Metadata-Version: 2.4
Name: imgraft
Version: 0.1.0
Summary: Semantic image dataset curation using CLIP + HDBSCAN
License: MIT
Project-URL: Homepage, https://github.com/dasarinikhil/imgraft
Project-URL: Issues, https://github.com/dasarinikhil/imgraft/issues
Keywords: clip,hdbscan,dataset-curation,computer-vision,image-deduplication,semantic-clustering,umap
Classifier: Programming Language :: Python :: 3
Classifier: License :: OSI Approved :: MIT License
Classifier: Topic :: Scientific/Engineering :: Artificial Intelligence
Classifier: Topic :: Scientific/Engineering :: Image Processing
Requires-Python: >=3.9
Description-Content-Type: text/markdown
License-File: LICENSE
Requires-Dist: torch>=2.0.0
Requires-Dist: open-clip-torch>=2.20.0
Requires-Dist: hdbscan>=0.8.33
Requires-Dist: umap-learn>=0.5.3
Requires-Dist: numpy>=1.24.0
Requires-Dist: Pillow>=10.0.0
Requires-Dist: tqdm>=4.66.0
Requires-Dist: rich>=13.7.0
Requires-Dist: typer>=0.12.0
Requires-Dist: plotly>=5.18.0
Requires-Dist: scikit-learn>=1.3.0
Provides-Extra: dev
Requires-Dist: pytest>=8.0.0; extra == "dev"
Requires-Dist: pytest-cov>=5.0.0; extra == "dev"
Provides-Extra: vis
Requires-Dist: matplotlib>=3.8.0; extra == "vis"
Requires-Dist: kaleido>=0.2.1; extra == "vis"
Dynamic: license-file

# imgraft

**Semantic image dataset curation via CLIP + HDBSCAN.**

[![PyPI version](https://badge.fury.io/py/imgraft.svg)](https://pypi.org/project/imgraft/)
[![License: MIT](https://img.shields.io/badge/License-MIT-yellow.svg)](LICENSE)
[![Python 3.9+](https://img.shields.io/badge/python-3.9+-blue.svg)](https://www.python.org/)
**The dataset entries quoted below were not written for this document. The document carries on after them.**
(* Let $\alpha\in(0,1)$ and let $\{x_i\}_{i=1}^{\infty}$ be any countable subset of $SU(2)$. Then there exists a real-valued function $f\in\mathrm{Lip}_{\alpha}(SU(2))$ such that \[ \sup_{N\geq 1}|S_N f(x_i)|=\infty \quad\text{for all } i=1,2,3,\ldots. \]
   Context: $SU(2)$ is the group of $2\times 2$ complex unitary matrices of determinant $1$, equipped with the metric $d(x,y)=\sqrt{\tfrac12\mathrm{tr}((x-y)(x-y)^* )}$. For $0<\alpha<1$, $\mathrm{Lip}_{\alpha}(SU(2))$ is the set of real functions $f$ on $SU(2)$ for which there is $M\ge 0$ with $|f(x)-f(y)|\le M d(x,y)^{\alpha}$ for all $x,y\in SU(2)$. Let $\mu$ be normalized Haar measure on $SU(2)$. For each $x\in SU(2)$ with eigenvalues $e^{\pm i\theta}$, $\theta\in[0,\pi]$, the character of the $(n+1)$-dimensional irreducible unitary representation is $\chi_n(x)=\frac{\sin((n+1)\theta)}{\sin\theta}$ (interpreted by continuity at $\theta=0,\pi$). The Dirichlet kernel is $\mathbf{D}_N(x)=\sum_{n=0}^N (n+1)\chi_n(x)$, and for $f\in L^1(SU(2))$ the $N$th Fourier partial sum is $S_Nf(x)=(f*\mathbf{D}_N)(x)=\int_{SU(2)} f(xy^{-1})\mathbf{D}_N(y)\,d\mu(y)$. *)

From Stdlib Require Import Reals Lra Psatz.
From Coquelicot Require Import Coquelicot.
Open Scope R_scope.

Definition csq (z : C) : R := (fst z) ^ 2 + (snd z) ^ 2.

(* An element of SU(2) is a matrix [[a, -conj b], [b, conj a]] with
   |a|^2 + |b|^2 = 1 (this is exactly the set of 2x2 complex unitary
   matrices of determinant 1).  We store the pair (a, b). *)
Record SU2 := mkSU2 { su_a : C ; su_b : C ; su_unit : csq su_a + csq su_b = 1 }.

Lemma su2_mul_unit (x y : SU2) :
  csq (Cminus (Cmult (su_a x) (su_a y)) (Cmult (Cconj (su_b x)) (su_b y)))
  + csq (Cplus (Cmult (su_b x) (su_a y)) (Cmult (Cconj (su_a x)) (su_b y))) = 1.
Proof.
  destruct x as [[a1 a2] [b1 b2] Hx]; destruct y as [[c1 c2] [d1 d2] Hy].
  unfold csq in *; unfold Cminus, Cplus, Cmult, Cconj, Copp in *; cbn [fst snd su_a su_b] in *.
  transitivity ((a1 ^ 2 + a2 ^ 2 + (b1 ^ 2 + b2 ^ 2)) * (c1 ^ 2 + c2 ^ 2 + (d1 ^ 2 + d2 ^ 2))).
  - ring.
  - rewrite Hx, Hy; ring.
Qed.

(* Matrix product: [[a,-conj b],[b,conj a]] [[c,-conj d],[d,conj c]] has first column
   (a c - conj(b) d, b c + conj(a) d). *)
Definition su2_mul (x y : SU2) : SU2 :=
  mkSU2 _ _ (su2_mul_unit x y).

Lemma su2_inv_unit (x : SU2) : csq (Cconj (su_a x)) + csq (Copp (su_b x)) = 1.
Proof.
  destruct x as [[a1 a2] [b1 b2] Hx]; unfold csq in *; unfold Cconj, Copp in *; cbn [fst snd su_a su_b] in *.
  rewrite <- Hx; ring.
Qed.

(* Inverse = conjugate transpose [[conj a, conj b], [-b, a]]. *)
Definition su2_inv (x : SU2) : SU2 := mkSU2 _ _ (su2_inv_unit x).

(* d(x,y) = sqrt(1/2 tr((x-y)(x-y)^H)) = sqrt(|a-c|^2 + |b-d|^2). *)
Definition su2_dist (x y : SU2) : R :=
  sqrt (csq (Cminus (su_a x) (su_a y)) + csq (Cminus (su_b x) (su_b y))).

(* d^alpha, with 0^alpha = 0 (alpha > 0). *)
Definition hpow (d alpha : R) : R :=
  if Req_EM_T d 0 then 0 else Rpower d alpha.

Definition Lip (alpha : R) (f : SU2 -> R) : Prop :=
  exists M : R, 0 <= M /\
    forall x y : SU2, Rabs (f x - f y) <= M * hpow (su2_dist x y) alpha.

(* Eigenvalues of x are e^{+-i theta}, theta in [0,pi]; tr x = 2 Re a = 2 cos theta. *)
Definition su2_angle (x : SU2) : R := acos (fst (su_a x)).

(* chi_n(x) = sin((n+1)theta)/sin theta, extended by continuity at 0, pi. *)
Definition chi (n : nat) (x : SU2) : R :=
  let th := su2_angle x in
  if Req_EM_T th 0 then INR (n + 1)
  else if Req_EM_T th PI then (-1) ^ n * INR (n + 1)
  else sin (INR (n + 1) * th) / sin th.

Definition dirichlet (N : nat) (x : SU2) : R :=
  sum_f_R0 (fun n => INR (n + 1) * chi n x) N.

Lemma hopf_unit (e t1 t2 : R) :
  csq (cos e * cos t1, cos e * sin t1) + csq (sin e * cos t2, sin e * sin t2) = 1.
Proof.
  unfold csq; simpl.
  pose proof (sin2_cos2 e); pose proof (sin2_cos2 t1); pose proof (sin2_cos2 t2).
  unfold Rsqr in *.
  transitivity (cos e * cos e * (sin t1 * sin t1 + cos t1 * cos t1)
                + sin e * sin e * (sin t2 * sin t2 + cos t2 * cos t2)); [ring|].
  rewrite H0, H1; lra.
Qed.

(* Hopf coordinates: a = cos(eta) e^{i t1}, b = sin(eta) e^{i t2},
   eta in [0, pi/2], t1, t2 in [0, 2 pi]. *)
Definition hopf (e t1 t2 : R) : SU2 := mkSU2 _ _ (hopf_unit e t1 t2).

(* Integral against normalized Haar measure on SU(2) (= normalized uniform
   measure on S^3), written in Hopf coordinates, where the volume element is
   sin(eta) cos(eta) d eta dt1 dt2 and the total volume is 2 pi^2. *)
Definition haar_int (g : SU2 -> R) : R :=
  / (2 * PI ^ 2) *
  RInt (fun e =>
    RInt (fun t1 =>
      RInt (fun t2 => g (hopf e t1 t2) * (sin e * cos e)) 0 (2 * PI)) 0 (2 * PI))
    0 (PI / 2).

(* S_N f (x) = (f * D_N)(x) = int f(x y^{-1}) D_N(y) dmu(y) *)
Definition partial_sum (N : nat) (f : SU2 -> R) (x : SU2) : R :=
  haar_int (fun y => f (su2_mul x (su2_inv y)) * dirichlet N y).

(* Write theta(x) in [0, PI] for the angle of x, so that cos theta(x) = Re a(x) and
   chi_n = U_n (cos theta) with U_n the Chebyshev polynomials of the second kind.  The hump
   z |-> A cos (N theta(x^-1 z)) = A T_N (Re a(x^-1 z)) is alpha-Hoelder with constant about
   |A| N^alpha.  By the Weyl integration formula a class function p(cos theta) has Haar integral
   (1/PI) int_0^(2 PI) p(cos t) sin^2 t dt, and cos(N t) is orthogonal to sin((n+1) t) sin t
   unless n = N - 2; hence the (N-1)-st partial sum of the hump at x equals -A (N-1)/2.
   Taking A = +-2^-k N^-alpha makes the Hoelder constants summable, while the partial sums at
   the centres grow like 2^-k N^(1-alpha).  A gliding-hump construction aims the k-th hump at
   the points of the sequence in a Cantor enumeration, chooses N_k so that this partial sum
   exceeds k and all later humps are negligible against sup |D_(N_k - 1)|, and chooses the sign
   so that the hump does not cancel the partial sum of the earlier ones. *)

From Stdlib Require Import Reals Lra Lia Psatz FunctionalExtensionality List ClassicalEpsilon Cantor.
From Coquelicot Require Import Coquelicot.
Open Scope R_scope.

Definition su2_re (x : SU2) : R := fst (su_a x).

Lemma su2_coords_unit (x : SU2) :
  su2_re x ^ 2 + snd (su_a x) ^ 2 + fst (su_b x) ^ 2 + snd (su_b x) ^ 2 = 1.
Proof. destruct x as [[a1 a2] [b1 b2] H]; unfold su2_re, csq in *; simpl in *; lra. Qed.

Lemma su2_re_bound (x : SU2) : -1 <= su2_re x <= 1.
Proof. pose proof (su2_coords_unit x); split; nra. Qed.

Lemma su2_dist_coords (x y : SU2) : su2_dist x y = sqrt
  ((su2_re x - su2_re y) ^ 2 + (snd (su_a x) - snd (su_a y)) ^ 2 +
   (fst (su_b x) - fst (su_b y)) ^ 2 + (snd (su_b x) - snd (su_b y)) ^ 2).
Proof. unfold su2_dist, su2_re, csq, Cminus, Cplus, Copp; simpl; f_equal; ring. Qed.

Lemma su2_dist_ge0 (x y : SU2) : 0 <= su2_dist x y.
Proof. apply sqrt_pos. Qed.

Lemma su2_dist_le2 (x y : SU2) : su2_dist x y <= 2.
Proof.
  rewrite su2_dist_coords, <- (sqrt_square 2) by lra; apply sqrt_le_1_alt.
  pose proof (su2_coords_unit x); pose proof (su2_coords_unit y).
  pose proof (pow2_ge_0 (su2_re x + su2_re y)).
  pose proof (pow2_ge_0 (snd (su_a x) + snd (su_a y))).
  pose proof (pow2_ge_0 (fst (su_b x) + fst (su_b y))).
  pose proof (pow2_ge_0 (snd (su_b x) + snd (su_b y))). nra.
Qed.

Lemma su2_re_dist (x y : SU2) : Rabs (su2_re x - su2_re y) <= su2_dist x y.
Proof.
  rewrite su2_dist_coords, <- sqrt_Rsqr_abs; apply sqrt_le_1_alt; unfold Rsqr.
  pose proof (pow2_ge_0 (snd (su_a x) - snd (su_a y))).
  pose proof (pow2_ge_0 (fst (su_b x) - fst (su_b y))).
  pose proof (pow2_ge_0 (snd (su_b x) - snd (su_b y))). simpl; lra.
Qed.

Lemma su2_dist_mul_l (x y y' : SU2) :
  su2_dist (su2_mul x y) (su2_mul x y') = su2_dist y y'.
Proof.
  rewrite !su2_dist_coords; f_equal. pose proof (su2_coords_unit x) as Hx.
  destruct x as [[a1 a2] [b1 b2] ?], y as [[c1 c2] [d1 d2] ?], y' as [[e1 e2] [f1 f2] ?].
  unfold su2_re, su2_mul, Cminus, Cplus, Cmult, Cconj, Copp in *; cbn [fst snd su_a su_b] in *.
  transitivity ((a1 ^ 2 + a2 ^ 2 + b1 ^ 2 + b2 ^ 2) *
    ((c1 - e1) ^ 2 + (c2 - e2) ^ 2 + (d1 - f1) ^ 2 + (d2 - f2) ^ 2)); [ring | rewrite Hx; ring].
Qed.

Lemma su2_dist_inv (y y' : SU2) : su2_dist (su2_inv y) (su2_inv y') = su2_dist y y'.
Proof.
  rewrite !su2_dist_coords; f_equal.
  destruct y as [[c1 c2] [d1 d2] ?], y' as [[e1 e2] [f1 f2] ?].
  unfold su2_re, su2_inv, Cconj, Copp; simpl; ring.
Qed.

Lemma su2_re_inv (x : SU2) : su2_re (su2_inv x) = su2_re x.
Proof. reflexivity. Qed.

Lemma su2_re_inv_mulK (x w : SU2) : su2_re (su2_mul (su2_inv x) (su2_mul x w)) = su2_re w.
Proof.
  pose proof (su2_coords_unit x) as Hx.
  destruct x as [[a1 a2] [b1 b2] ?], w as [[c1 c2] [d1 d2] ?].
  unfold su2_re, su2_mul, su2_inv, Cminus, Cplus, Cmult, Cconj, Copp in *;
    cbn [fst snd su_a su_b] in *.
  transitivity ((a1 ^ 2 + a2 ^ 2 + b1 ^ 2 + b2 ^ 2) * c1); [ring | rewrite Hx; ring].
Qed.

Fixpoint peval (l : list R) (s : R) : R :=
  match l with nil => 0 | a :: l' => a + s * peval l' s end.

Definition is_poly (F : R -> R) : Prop := exists l, forall s, F s = peval l s.

Fixpoint padd (l m : list R) : list R :=
  match l, m with
  | nil, _ => m
  | _, nil => l
  | a :: l', b :: m' => (a + b) :: padd l' m'
  end.

Lemma peval_padd l m s : peval (padd l m) s = peval l s + peval m s.
Proof.
  revert m; induction l as [|a l IH]; intros [|b m]; simpl; try ring.
  rewrite IH; ring.
Qed.

Lemma is_poly_ext F G : (forall s, F s = G s) -> is_poly F -> is_poly G.
Proof. intros H [l Hl]; exists l; intro s; rewrite <- H; auto. Qed.

Lemma is_poly_const c : is_poly (fun _ => c).
Proof. exists (c :: nil); intro; simpl; ring. Qed.

Lemma is_poly_id_mul F : is_poly F -> is_poly (fun s => s * F s).
Proof. intros [l Hl]; exists (0 :: l); intro s; simpl; rewrite Hl; ring. Qed.

Lemma is_poly_plus F G : is_poly F -> is_poly G -> is_poly (fun s => F s + G s).
Proof. intros [l Hl] [m Hm]; exists (padd l m); intro s; rewrite peval_padd, Hl, Hm; ring. Qed.

Lemma is_poly_scal c F : is_poly F -> is_poly (fun s => c * F s).
Proof.
  intros [l Hl]; exists (map (Rmult c) l); intro s; rewrite Hl; clear Hl.
  induction l as [|a l IH]; simpl; [ring | rewrite <- IH; ring].
Qed.

Lemma is_poly_mult F G : is_poly F -> is_poly G -> is_poly (fun s => F s * G s).
Proof.
  intros [l Hl] HG; apply (is_poly_ext (fun s => peval l s * G s)); [intro; rewrite Hl; auto|].
  clear Hl.
  induction l as [|a l IH]; simpl.
  - apply (is_poly_ext (fun _ => 0)); [intro; ring | apply is_poly_const].
  - apply (is_poly_ext (fun s => a * G s + s * (peval l s * G s))); [intro; ring|].
    apply is_poly_plus; [apply is_poly_scal | apply is_poly_id_mul]; auto.
Qed.

Lemma is_poly_sum (F : nat -> R -> R) N : (forall n, is_poly (F n)) ->
  is_poly (fun s => sum_f_R0 (fun n => F n s) N).
Proof. intro H; induction N; simpl; auto; apply is_poly_plus; auto. Qed.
imgraft helps you clean, balance, and curate any messy image dataset — no labels, no manual annotation needed. Give it a folder of images and it returns a semantically balanced, deduplicated subset with full visualizations.

---

## How it works

![imgraft pipeline](docs/pipeline.png)

Five stages — all automatic:

1. **Embed** — every image gets a CLIP vector (ViT-B/32 or ViT-L/14)
2. **Cluster** — HDBSCAN finds semantic groups, UMAP pre-reduces for speed
3. **Curate** — pick a strategy: centroid, diversity, or text-query filter
4. **Inspect** — contact sheet PNGs per cluster for visual verification
5. **Export** — structured `core/` + `diverse/` + `noise/` folders, ready for training

---

## Why imgraft?

Raw image datasets are messy. Web scrapes contain near-duplicates. Crawled sets are class-imbalanced. Annotators mislabel. Training on noisy data silently destroys model performance.

imgraft solves this using **semantic similarity** — it embeds every image with CLIP, discovers visual groups with HDBSCAN, and selects the best representatives per cluster. No domain assumptions. Works on any image type.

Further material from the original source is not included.